BS R03064; HS$GBP_02; Quality: 6; GBP, G000264; human, Homo sapiens.
XX
DR TRANSPATH: MO000026034.
XX
RN [1]; RE0000446.
RX PUBMED: 1901265.
RA Decker T., Lew D. J., Mirkowitch J., Darnell J. E.
RT Cytoplasmic activation of GAF, an IFN-gamma-regulated DNA-binding factor
RL EMBO J. 10:927-932 (1991).
RN [2]; RE0001471.
RX PUBMED: 1833631.
RA Decker T., Lew D. J., Darnell J. E.
RT Two distinct alpha-interferon-dependent signal transduction pathways may contribute to activation of transcription of the guanylate-binding protein gene
RL Mol. Cell.
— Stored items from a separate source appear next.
(* Let $X$ be a distance-regular graph of diameter $4$ on $n$ vertices that is both bipartite and antipodal. Then $\mathrm{motion}(X)\geq 0.15\,n$.
   Context: A distance-regular graph of diameter $d$ is a connected graph such that for vertices $v,w$ at distance $i$ the numbers of neighbours of $w$ at distance $i-1,i,i+1$ from $v$ are constants depending only on $i$. It is antipodal if being at distance $d$ or equal is an equivalence relation on vertices. The motion of a graph is the minimum, over non-identity automorphisms, of the number of vertices not fixed. *)

From mathcomp Require Import all_boot all_fingroup.
Set Implicit Arguments. Unset Strict Implicit. Unset Printing Implicit Defensive.

Section Graphs.
Variable T : finType.
Variable e : rel T.

Definition simple_graph : Prop := irreflexive e /\ symmetric e.

Fixpoint ball (k : nat) (x : T) : {set T} :=
  match k with
  | 0 => [set x]
  | k'.+1 => ball k' x :|: [set y | [exists z in ball k' x, e z y]]
  end.

Definition is_dist (x y : T) (k : nat) : bool :=
  (y \in ball k x) && (if k is k'.+1 then y \notin ball k' x else true).

Definition sphere (k : nat) (x : T) : {set T} := [set y | is_dist x y k].

Definition neighbours (x : T) : {set T} := [set y | e x y].

Definition connected_graph : Prop := forall x y : T, exists k, is_dist x y k.

Definition has_diameter (d : nat) : Prop :=
  connected_graph /\ (forall x y k, is_dist x y k -> k <= d) /\
  exists x y, is_dist x y d.

Definition distance_regular (d : nat) : Prop :=
  simple_graph /\ has_diameter d /\
  exists c a b : nat -> nat, forall (v w : T) (i : nat), is_dist v w i ->
     [/\ #|neighbours w :&: (if i is i'.+1 then sphere i' v else set0)| = c i,
         #|neighbours w :&: sphere i v| = a i &
         #|neighbours w :&: sphere i.+1 v| = b i].

Definition bipartite : Prop :=
  exists col : T -> bool, forall x y, e x y -> col x != col y.

Definition antipodal (d : nat) : Prop :=
  let R x y := (x == y) || is_dist x y d in
  (forall x, R x x) /\ (forall x y, R x y -> R y x) /\
  (forall x y z, R x y -> R y z -> R x z).

Definition is_automorphism (s : {perm T}) : Prop :=
  forall x y, e (s x) (s y) = e x y.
Biol. 11:5147-5153 (1991).
XX
//

tfid,fa,os,ge,osm,ins,inm = "","","","","","",""
for line in f1 :
    r1 = line.split()
    if line.startswith("ID"):
        tfid = r1[1]
        #print a
    if line.startswith("FA"):
        fa = r1[1]
        #print b
    if line.startswith("OS")and line.endswith("sapiens\n"):
        os = " ".join(r1[1:])
        #print os
    if line.startswith("GE"):
        ge = " ".join(r1[1:3])
        #print ge
    if line.startswith("OS")and line.endswith("Mammalia\n"):
        osm  = r1[1]
         #print c
    if line.startswith("IN") and line.endswith("sapiens.\n"):
        ins ="\t".join(r1[1:3])
        #print g
    if line.startswith("IN") and line.endswith("Mammalia.\n"):
        inm = "\t".join(r1[1:])
    if line.startswith("//"):
        tftable = os+"\t"+tfid+"\t"+fa+"\t"+"\t"+ge+"\t"+osm+"\t"+ins+"\t"+inm+"\n"
        
        
        #tfid,fa,os,ge,osm,ins,inm = "","","","","","",""

python

4 Contributors
8 Replies
1K Views
5 Days Discussion Span
Latest Post 13 Years Ago Latest Post by pythonbegin

Beat_Slayer 17 Posting Pro in Training

13 Years Ago

Can you provide a sample file.

Your sample doesn't even have the GE.

I changed the second BS tag to GE.

f_in = open('blocks.txt').read()
f_out = open('output.csv', 'w')
f_out.write('AC\tID\tFA\tOS\tSF\tBS\tGE\n')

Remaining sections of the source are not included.